Friday, July 16, 2010

Be A Gourmet: A Practice in Mindful Eating

Gourmet vs. gourmand. Both are true food lovers.  A gourmet is someone who appreciates the flavors and beauty of great food.  He tends to have a more highly trained ability to taste, identify flavors, notice uniqueness, and seek out quality food to savor.  A gourmand, on the other hand, is all about the quantity.  Both love to eat, but the gourmand wants LOTS and LOTS while the gourmet wants QUALITY.

We can learn a lot about mindful eating from the gourmet.  She knows how to really be aware and truly enjoy and appreciate the food she eats. 

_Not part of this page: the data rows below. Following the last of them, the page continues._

Lemma coker_map_hom : is_hom coker_map.
Proof.
move=> k; rewrite /coker_map -!mulmxA -homd (mulmxA (psi k)) -hompsi !mulmxA.
case: (boolP (coker k)) => Xk; last by apply: empty_mx_eq; left; rewrite /= (negbTE Xk).
rewrite [mapv (supp_rep K _) k]/= [in RHS]mul_const1_id /=; last by move: Xk; lia.
case: (boolP (coker k.+1)) => Xk1; first by rewrite mul_const1_id //= Xk1.
have -> : k = i by move: Xk Xk1; lia.
rewrite mul_const1_0 /= ?(negbTE Xk1) // !mul0mx -!mulmxA.
suff -> : psi i.+1 *m d i.+1 = 0 by rewrite mulmx0.
apply: (@mul_const1_eq0 _ (dimv (supp_rep K P) i.+1)).
- by rewrite /= P_int; lia.
- by rewrite /=; lia.
- by rewrite mulmxA psi_e eqmx_kermx_mul0.
Qed.

Lemma coker_lift_top theta : is_hom theta ->
  (forall k, (const_mx 1 : 'M_(dimv (supp_rep K coker) k, dimv (supp_rep K coker_ext) k))
     *m theta k = coker_map k) ->
  row_full (d q) ->
  exists T : 'M[K]_(dimv (supp_rep K coker_ext) q, dimv I0 q),
    T *m mapv I0 q = const_mx 1 *m psi q.+1.
Proof.
move=> homtheta theta_ext fullq.
pose T := theta q *m pinvmx (d q).
have TD : T *m d q = theta q by rewrite /T mulmxKpV // submx_full.
exists T; apply/eqP; rewrite -subr_eq0; apply/eqP.
set D := (T *m _ - _).
have DD : D *m d q.+1 = 0.
  rewrite /D mulmxBl -(mulmxA T) homd mulmxA TD -homtheta /=.
  rewrite -(@mul_const1_id K _ (dimv (supp_rep K coker) q.+1)) /=; last lia.
  by rewrite -mulmxA theta_ext /coker_map !mulmxA mul_const1_id ?subrr //=; lia.
(* [D] lies in ker d = im e, which is zero at the vertex q + 1 <= i. *)
apply: (@submx_flatmx0 _ _ _ _ _ (e q.+1)); first by rewrite /= P_int; lia.
have /andP[_ ker_e] := exact_e q.+1.
by apply: submx_trans ker_e; apply/sub_kermxP.
Qed.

Try increasing your mindful eating by being a gourmet this week:
  • Sit down when you choose to eat this week---you're worth it! 
  • Notice the colors of your food. Does it make you feel good just to look at it, or not so much?  
  • Smell your food.  What fragrances do you detect?  What does it remind you of?
  • Take a bite and take note of the temperature.  Is it cold or hot? Warm or cool? 
  • Texture.  Is it creamy, crystalline, chunky, rough... Describe what it feels like in your mouth.
  • Chew and taste.  Sweet, sour, spicy, bitter...what does it actually taste like?
  • Critique.  Do you like it?  Does it make your mouth happy, your body happy?  How would you rank it on a scale of 1 - 5 stars?  Be that restaurant critic!
The more mindful we are of our food, the more in tune we become with our ability to sense when we are physically hungry and full. We are all born with wonderful hunger/full control mechanisms in our brains that actually work. Over time, so many of us have learned to override this function.  We learn to eat for every other reason imaginable: emotions, stress, the clock, peer pressure, it looks good, it's ice cream time...need I go on?  And then, we don't know when to stop. Mindless eating is a problem when it becomes a habit and food choices are unhealthy and gourmand-like. End result: your health suffers.

I'm reading a wonderful book called, "Mindful Eating, A Guide to Rediscovering a Healthy and Joyful Relationship with Food,"  by Jan Chozen Bays, MD (it's on My Favorites List.) She writes, "Mindfulness is deliberately paying attention, being fully aware of what is happening both inside yourself---in your body, heart, and mind---and outside yourself, in your environment.  Mindfulness is awareness without judgment or criticism." 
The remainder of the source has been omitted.